Give again, word for word, each line below starting at the one that contains "in_DLSE_rat T (fun" and ending at the one that contains "End LogSumExp.".

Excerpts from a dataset
-*-*-

(* Let $\mathbf{x}_1,\dots,\mathbf{x}_m\in\mathbb{R}^n$ and $y_1,\dots,y_m\in\mathbb{R}$ be such that $y_i=\phi(\mathbf{x}_i)$ for $i=1,\dots,m$, for some function $\phi:\mathbb{R}^n\to\mathbb{R}$. Then for every $\varepsilon>0$ there exist $T>0$ and a function $d_T\in\mathrm{DLSE}_T$ with rational parameters such that $$|d_T(\mathbf{x}_i)-y_i|\leqslant\varepsilon,\quad i=1,\dots,m.$$
   Context: For $T>0$, $\mathrm{LSE}_T$ denotes the class of functions $f_T:\mathbb{R}^n\to\mathbb{R}$ of the form $$f_T(\mathbf{x})=T\log\Big(\sum_{k=1}^K \exp\big(\langle\boldsymbol{\alpha}^{(k)},\mathbf{x}\rangle/T+\beta_k/T\big)\Big)$$ for some positive integer $K$, vectors $\boldsymbol{\alpha}^{(k)}\in\mathbb{R}^n$ and real numbers $\beta_k$. Such a function has rational parameters if $T$ is rational and it can be written in this form with all entries of the $\boldsymbol{\alpha}^{(k)}$ and all $\beta_k$ rational. $\mathrm{DLSE}_T$ is the class of functions $g_T-h_T$ with $g_T,h_T\in\mathrm{LSE}_T$ (same $T$); such a function has rational parameters if $g_T$ and $h_T$ both have rational parameters. *)

From HB Require Import structures.
From mathcomp Require Import all_boot all_order all_algebra.
From mathcomp Require Import all_classical all_reals all_analysis.
Set Implicit Arguments. Unset Strict Implicit. Unset Printing Implicit Defensive.
Import Order.TTheory GRing.Theory Num.Theory.
Local Open Scope ring_scope.

Definition dotv (R : realType) (n : nat) (a x : 'rV[R]_n) : R :=
  \sum_(j < n) a 0 j * x 0 j.

Definition lse (R : realType) (n K : nat) (T : R)
  (alpha : 'I_K -> 'rV[R]_n) (beta : 'I_K -> R) (x : 'rV[R]_n) : R :=
  T * ln (\sum_(k < K) expR (dotv (alpha k) x / T + beta k / T)).

Definition is_rational (R : realType) (r : R) : Prop := exists q : rat, r = ratr q.

Definition in_LSE (R : realType) (n : nat) (T : R) (f : 'rV[R]_n -> R) : Prop :=
  exists (K : nat) (alpha : 'I_K -> 'rV[R]_n) (beta : 'I_K -> R),
    (0 < K)%N /\ forall x, f x = lse T alpha beta x.

Definition in_LSE_rat (R : realType) (n : nat) (T : R) (f : 'rV[R]_n -> R) : Prop :=
  is_rational T /\
  exists (K : nat) (alpha : 'I_K -> 'rV[R]_n) (beta : 'I_K -> R),
    [/\ (0 < K)%N,
        (forall k j, is_rational (alpha k 0 j)),
        (forall k, is_rational (beta k)) &
        forall x, f x = lse T alpha beta x].

Definition in_DLSE_rat (R : realType) (n : nat) (T : R) (d : 'rV[R]_n -> R) : Prop :=
  exists g h : 'rV[R]_n -> R,
    [/\ in_LSE_rat T g, in_LSE_rat T h & forall x, d x = g x - h x].

(** The affine functions [z_j(x) = M (|x|^2 - |x - p_j|^2)], with rational centres
    [p_j] close to the data points [x_j], satisfy: at [x_i] the largest [z_j] is
    [z_i], and for [M] large enough the largest [z_j + b_j] is [z_i + b_i] too.
    Since [LSE_T] is within [T ln m] of the maximum of its affine pieces,
    [LSE_T(z + b) - LSE_T(z)] takes at [x_i] a value within [T ln m] of [b_i];
    choosing [b_i] rational and close to [y_i] and [T] small gives the claim. *)
From HB Require Import structures.
From mathcomp Require Import all_boot all_order all_algebra.
From mathcomp Require Import all_classical all_reals all_analysis.
From mathcomp Require Import ring lra.
Set Implicit Arguments. Unset Strict Implicit. Unset Printing Implicit Defensive.
Import Order.TTheory GRing.Theory Num.Theory.
Local Open Scope ring_scope.

Section Rationals.
Variable R : realType.

Lemma is_rational_ratr (q : rat) : is_rational (ratr q : R).
Proof. by exists q. Qed.

Lemma is_rational_nat (k : nat) : is_rational (k%:R : R).
Proof. by exists k%:R; rewrite rmorph_nat. Qed.

Lemma is_rationalN (r : R) : is_rational r -> is_rational (- r).
Proof. by move=> [q ->]; exists (- q); rewrite rmorphN. Qed.

Lemma is_rationalD (r s : R) : is_rational r -> is_rational s -> is_rational (r + s).
Proof. by move=> [q ->] [q' ->]; exists (q + q'); rewrite rmorphD. Qed.

Lemma is_rationalM (r s : R) : is_rational r -> is_rational s -> is_rational (r * s).
Proof. by move=> [q ->] [q' ->]; exists (q * q'); rewrite rmorphM. Qed.

Lemma is_rational_dotv (n : nat) (a b : 'rV[R]_n) :
  (forall k, is_rational (a 0 k)) -> (forall k, is_rational (b 0 k)) ->
  is_rational (dotv a b).
Proof.
move=> ha hb; apply: big_ind => [|r s|k _]; first by exists 0; rewrite rmorph0.
  exact: is_rationalD.
exact: is_rationalM.
Qed.

Lemma exists_rational_near (v delta : R) : 0 < delta ->
  exists r, is_rational r /\ `|r - v| <= delta.
Proof.
move=> delta0; have /rat_in_itvoo[q] : v - delta < v + delta by lra.
rewrite in_itv /= => /andP[lo hi]; exists (ratr q); split; first exact: is_rational_ratr.
by rewrite ler_norml; apply/andP; split; lra.
Qed.

Lemma exists_rational_approx_fun (delta : R) : 0 < delta ->
  exists f : R -> R, forall v, is_rational (f v) /\ `|f v - v| <= delta.
Proof.
move=> delta0; have [f hf] := boolp.choice (fun v => exists_rational_near v delta0).
by exists f.
Qed.

Lemma exists_pos_rat_le (c : R) : 0 < c -> exists q : rat, 0 < (ratr q : R) <= c.
Proof.
move=> c0; have /rat_in_itvoo[q] := c0.
by rewrite in_itv /= => /andP[q0 qc]; exists q; rewrite q0 ltW.
Qed.

Lemma exists_pos_rat_ubound (I : finType) (F : I -> R) :
  exists q : rat, 0 < (ratr q : R) /\ forall i, F i <= ratr q.
Proof.
have S0 : 0 <= \sum_i `|F i| by apply: sumr_ge0.
have /rat_in_itvoo[q] : \sum_i `|F i| < \sum_i `|F i| + 1 by lra.
rewrite in_itv /= => /andP[Sq _]; exists q; split; first lra.
move=> i; rewrite (le_trans (ler_norm _)) // (le_trans _ (ltW Sq)) //.
by rewrite (bigD1 i) //= lerDl sumr_ge0.
Qed.

Lemma exists_pos_lbound (I : finType) (P : pred I) (F : I -> R) :
  (forall i, P i -> 0 < F i) -> exists2 r, 0 < r & forall i, P i -> r <= F i.
Proof.
move=> F0; have [q [q0 hq]] := exists_pos_rat_ubound (fun i => (F i)^-1).
exists (ratr q)^-1; first by rewrite invr_gt0.
by move=> i Pi; rewrite -(invrK (F i)) lef_pV2 ?posrE ?invr_gt0 ?F0.
Qed.

End Rationals.
Arguments is_rational_ratr {R}.
Arguments is_rational_nat {R}.

Section LogSumExp.
Variable R : realType.

Lemma lse_max_bounds (K : nat) (T : R) (z : 'I_K -> R) (i : 'I_K) :
  0 < T -> (forall k, z k <= z i) ->
  z i <= T * ln (\sum_k expR (z k / T)) <= z i + T * ln K%:R.
Proof.
move=> T0 zi.
have K0 : (0 < K)%N := leq_ltn_trans (leq0n i) (ltn_ord i).
have Si : expR (z i / T) <= \sum_k expR (z k / T).
  by rewrite (bigD1 i) //= lerDl sumr_ge0.
have S0 : 0 < \sum_k expR (z k / T) := lt_le_trans (expR_gt0 _) Si.
have SK : \sum_k expR (z k / T) <= K%:R * expR (z i / T).
  rewrite -[K in K%:R]card_ord mulr_natl -sumr_const ler_sum // => k _.
  by rewrite ler_expR ler_pM2r ?invr_gt0.
apply/andP; split.
  by rewrite -ler_pdivrMl // mulrC -[X in X <= _]expRK ler_ln ?posrE ?expR_gt0.
rewrite -[X in X + _](mulfVK (lt0r_neq0 T0)) (mulrC _ T) -mulrDr ler_pM2l //.
rewrite addrC -[X in _ <= _ + X]expRK -lnM ?posrE ?expR_gt0 ?ltr0n //.
by rewrite ler_ln ?posrE ?mulr_gt0 ?expR_gt0 ?ltr0n.
Qed.

Lemma lseE (n K : nat) (T : R) (alpha : 'I_K -> 'rV[R]_n) (beta : 'I_K -> R)
    (a : 'rV[R]_n) :
  lse T alpha beta a = T * ln (\sum_k expR ((dotv (alpha k) a + beta k) / T)).
Proof. by rewrite /lse; congr (_ * ln _); apply: eq_bigr => k _; rewrite mulrDl. Qed.

Lemma lse_shift_near (n K : nat) (T : R) (alpha : 'I_K -> 'rV[R]_n)
    (gamma b : 'I_K -> R) (a : 'rV[R]_n) (i : 'I_K) :
  0 < T ->
  let z k := dotv (alpha k) a + gamma k in
  (forall k, z k <= z i) -> (forall k, z k + b k <= z i + b i) ->
  `|lse T alpha (fun k => gamma k + b k) a - lse T alpha gamma a - b i|
    <= T * ln K%:R.
Proof.
move=> T0 z zi zbi; rewrite !lseE.
under eq_bigr do rewrite addrA.
have /andP[g1 g2] := lse_max_bounds T0 zbi.
have /andP[h1 h2] := lse_max_bounds T0 zi.
by rewrite ler_norml; apply/andP; split; lra.
Qed.

Lemma in_DLSE_rat_lseB (n K : nat) (T : R) (alpha : 'I_K -> 'rV[R]_n)
    (beta gamma : 'I_K -> R) :
  (0 < K)%N -> is_rational T -> (forall k j, is_rational (alpha k 0 j)) ->
  (forall k, is_rational (beta k)) -> (forall k, is_rational (gamma k)) ->
  in_DLSE_rat T (fun v => lse T alpha beta v - lse T alpha gamma v).
Proof.
move=> K0 Tq aq bq cq; exists (lse T alpha beta), (lse T alpha gamma).
by split=> //; split=> //; [exists K, alpha, beta | exists K, alpha, gamma].
Qed.

Lemma in_DLSE_rat0 (n : nat) : in_DLSE_rat 1 (fun _ : 'rV[R]_n => 0).
Proof.
have q0 : is_rational (0 : R) by exact: is_rational_nat 0.
pose g := lse 1 (fun _ : 'I_1 => 0 : 'rV[R]_n) (fun=> 0).
have -> : (fun _ => 0) = (fun v => g v - g v) by apply: boolp.funext => v; rewrite subrr.
by apply: in_DLSE_rat_lseB => // [|k j]; [exact: is_rational_nat 1 | rewrite mxE].
Qed.

End LogSumExp.

Section Centres.
Variables (R : realType) (n : nat).
Implicit Types (a c p q : 'rV[R]_n).

Definition sqdist a p : R := \sum_(k < n) (a 0 k - p 0 k) ^+ 2.

Lemma dotv_sqdist (M : R) a p :
  dotv ((2 * M) *: p) a - M * dotv p p = M * (dotv a a - sqdist a p).
Proof.
rewrite /dotv /sqdist mulrBr !mulr_sumr -!sumrB.
by apply: eq_bigr => k _; rewrite mxE; ring.
Qed.

Lemma sqdist_le a p (r : R) :
  (forall k, `|p 0 k - a 0 k| <= r) -> sqdist a p <= n%:R * r ^+ 2.
Proof.
move=> hp; rewrite -[n in n%:R]card_ord mulr_natl -sumr_const ler_sum // => k _.
by rewrite -real_normK ?num_real // distrC lerXn2r ?nnegrE // (le_trans _ (hp k)).
Qed.

Lemma sqdist_lt a c p q (r : R) (k : 'I_n) :
  n.+1%:R * r < `|a 0 k - c 0 k| ->
  (forall k, `|p 0 k - a 0 k| <= r) -> (forall k, `|q 0 k - c 0 k| <= r) ->
  sqdist a p < sqdist a q.
Proof.
move=> hac hp hq.
have r0 : 0 <= r := le_trans (normr_ge0 _) (hp k).
have hk : (a 0 k - q 0 k) ^+ 2 <= sqdist a q.
  by rewrite /sqdist (bigD1 k) //= lerDl sumr_ge0 // => j _; apply: sqr_ge0.
have far : n%:R * r < `|a 0 k - q 0 k|.
  have := ler_distD (q 0 k) (a 0 k) (c 0 k); have := hq k.
  by rewrite -natr1 mulrDl mul1r in hac; lra.
have far2 : (n%:R * r) ^+ 2 < (a 0 k - q 0 k) ^+ 2.
  by rewrite -[X in _ < X]real_normK ?num_real // ltrXn2r ?nnegrE ?mulr_ge0.
apply: (le_lt_trans (sqdist_le hp)); apply: lt_le_trans hk; apply: le_lt_trans far2.
rewrite exprMn ler_wpM2r ?sqr_ge0 // expr2 -{1}(mulr1 n%:R).
by case: n => [|n']; rewrite ?mul0r // ler_wpM2l ?ler1n.
Qed.

Lemma exists_rational_centres (m : nat) (x : 'I_m -> 'rV[R]_n) :
  exists p : 'I_m -> 'rV[R]_n,
    [/\ forall j k, is_rational (p j 0 k),
        forall i j, x i = x j -> p i = p j &
        forall i j, x i != x j -> sqdist (x i) (p i) < sqdist (x i) (p j)].
Proof.
pose gap (t : 'I_m * 'I_m * 'I_n) := `|x t.1.1 0 t.2 - x t.1.2 0 t.2|.
have [delta delta0 hdelta] :
    exists2 delta, 0 < delta & forall t, gap t != 0 -> delta <= gap t.
  by apply: exists_pos_lbound => t; rewrite lt0r normr_ge0 andbT.
have r0 : 0 < delta / n.+2%:R by rewrite divr_gt0.
have [f hf] := exists_rational_approx_fun r0.
exists (fun j => \row_k f (x j 0 k)); split.
- by move=> j k; rewrite mxE; case: (hf (x j 0 k)).
- by move=> i j ->.
move=> i j /eqP xij.
have [k xk] : exists k, x i 0 k != x j 0 k.
  case: (pickP (fun k => x i 0 k != x j 0 k)) => [k xk|same]; first by exists k.
  by case: xij; apply/rowP => k; apply/eqP/negbFE/same.
apply: (sqdist_lt (c := x j) (r := delta / n.+2%:R) (k := k)) => [|l|l]; last 2 first.
- by rewrite mxE; case: (hf (x i 0 l)).
- by rewrite mxE; case: (hf (x j 0 l)).
have := hdelta (i, j, k); rewrite /gap /= normr_eq0 subr_eq0 => /(_ xk).
apply: lt_le_trans.
by rewrite mulrA ltr_pdivrMr ?ltr0n // [X in _ < X]mulrC ltr_pM2r ?ltr_nat.
Qed.

End Centres.

Section Interpolation.
Variables (R : realType) (n m : nat) (x : 'I_m -> 'rV[R]_n) (b : 'I_m -> R).
Variables (p : 'I_m -> 'rV[R]_n) (M : R).
Hypothesis b_consistent : forall i j, x i = x j -> b i = b j.
Hypothesis p_consistent : forall i j, x i = x j -> p i = p j.
Hypothesis p_nearest :
  forall i j, x i != x j -> sqdist (x i) (p i) < sqdist (x i) (p j).

Definition slopes (ij : 'I_m * 'I_m) : R :=
  (b ij.2 - b ij.1) / (sqdist (x ij.1) (p ij.2) - sqdist (x ij.1) (p ij.1)).

Hypothesis M_ge0 : 0 <= M.
Hypothesis M_slopes : forall ij, slopes ij <= M.

Definition centre_slope j := (2 * M) *: p j.
Definition centre_offset j := - (M * dotv (p j) (p j)).

Lemma centre_offset_value i j :
  dotv (centre_slope j) (x i) + centre_offset j
  = M * (dotv (x i) (x i) - sqdist (x i) (p j)).
Proof. exact: dotv_sqdist. Qed.

Lemma sqdist_centre_le i j : sqdist (x i) (p i) <= sqdist (x i) (p j).
Proof.
have [xij|xij] := eqVneq (x i) (x j); first by rewrite (p_consistent xij).
exact/ltW/p_nearest.
Qed.

Lemma b_le_slopes i j :
  b j - b i <= M * (sqdist (x i) (p j) - sqdist (x i) (p i)).
Proof.
have [xij|xij] := eqVneq (x i) (x j).
  by rewrite (b_consistent xij) (p_consistent xij) !subrr mulr0.
have D0 : 0 < sqdist (x i) (p j) - sqdist (x i) (p i) by rewrite subr_gt0 p_nearest.
by rewrite -ler_pdivrMr // (le_trans _ (M_slopes (i, j))).
Qed.

Definition interpolant (T : R) (v : 'rV[R]_n) :=
  lse T centre_slope (fun j => centre_offset j + b j) v
  - lse T centre_slope centre_offset v.

Lemma in_DLSE_rat_interpolant (T : R) :
  (0 < m)%N -> is_rational T -> (forall j k, is_rational (p j 0 k)) ->
  is_rational M -> (forall j, is_rational (b j)) ->
  in_DLSE_rat T (interpolant T).
Proof.
move=> m0 Tq pq Mq bq.
have offset_q j : is_rational (centre_offset j).
  by apply/is_rationalN/is_rationalM => //; apply: is_rational_dotv.
apply: in_DLSE_rat_lseB => // [j k|j]; last exact: is_rationalD.
by rewrite mxE; apply: is_rationalM => //; apply: is_rationalM => //; exact: is_rational_nat 2.
Qed.

Lemma interpolation_error (T : R) i : 0 < T ->
  `|interpolant T (x i) - b i| <= T * ln m%:R.
Proof.
move=> T0; apply: lse_shift_near => // j; rewrite !centre_offset_value.
  by rewrite ler_wpM2l // lerD2l lerN2 sqdist_centre_le.
have := b_le_slopes i j; lra.
Qed.

End Interpolation.

Theorem corollary2 (R : realType) (n m : nat)
  (x : 'I_m -> 'rV[R]_n) (y : 'I_m -> R) (phi : 'rV[R]_n -> R) :
  (forall i, y i = phi (x i)) ->
  forall eps : R, 0 < eps ->
  exists T : R, 0 < T /\
    exists d : 'rV[R]_n -> R,
      in_DLSE_rat T d /\ forall i, `|d (x i) - y i| <= eps.
Proof.
move=> hy eps eps0.
have [m0|m0] := posnP m.
  exists 1; split => //; exists (fun=> 0); split; first exact: in_DLSE_rat0.
  by move=> i; suff : (i < 0)%N by []; rewrite -m0.
have eps2 : 0 < eps / 2 by lra.
have [rb hrb] := exists_rational_approx_fun eps2.
pose b j := rb (y j).
have b_cons i j : x i = x j -> b i = b j by rewrite /b !hy => ->.
have [p [p_rat p_cons p_near]] := exists_rational_centres x.
have [qM [M0 hM]] := exists_pos_rat_ubound (slopes x b p).
have lnm0 : 0 <= ln (m%:R : R) by rewrite ln_ge0 // ler1n.
have [qT /andP[T0 Tle]] : exists qT : rat, 0 < (ratr qT : R) <= eps / 2 / (ln m%:R + 1).
  by apply: exists_pos_rat_le; rewrite divr_gt0 //; lra.
have Tln : ratr qT * ln m%:R <= eps / 2.
  by rewrite ler_pdivlMr ?ltr_wpDl // in Tle; nra.
exists (ratr qT); split => //; exists (interpolant b p (ratr qM) (ratr qT)); split.
  apply: in_DLSE_rat_interpolant m0 (is_rational_ratr _) p_rat (is_rational_ratr _) _.
  by move=> j; case: (hrb (y j)).
move=> i; have err := interpolation_error b_cons p_cons p_near (ltW M0) hM i T0.
have [_ hbi] := hrb (y i).
rewrite (le_trans (ler_distD (b i) _ _)) //; lra.
Qed.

-*-*-

▸ **SOLVED PROBLEM**:
  in_DLSE_rat T (fun v => lse T alpha beta v - lse T alpha gamma v).
Proof.
move=> K0 Tq aq bq cq; exists (lse T alpha beta), (lse T alpha gamma).
by split=> //; split=> //; [exists K, alpha, beta | exists K, alpha, gamma].
Qed.

Lemma in_DLSE_rat0 (n : nat) : in_DLSE_rat 1 (fun _ : 'rV[R]_n => 0).
Proof.
have q0 : is_rational (0 : R) by exact: is_rational_nat 0.
pose g := lse 1 (fun _ : 'I_1 => 0 : 'rV[R]_n) (fun=> 0).
have -> : (fun _ => 0) = (fun v => g v - g v) by apply: boolp.funext => v; rewrite subrr.
by apply: in_DLSE_rat_lseB => // [|k j]; [exact: is_rational_nat 1 | rewrite mxE].
Qed.

End LogSumExp.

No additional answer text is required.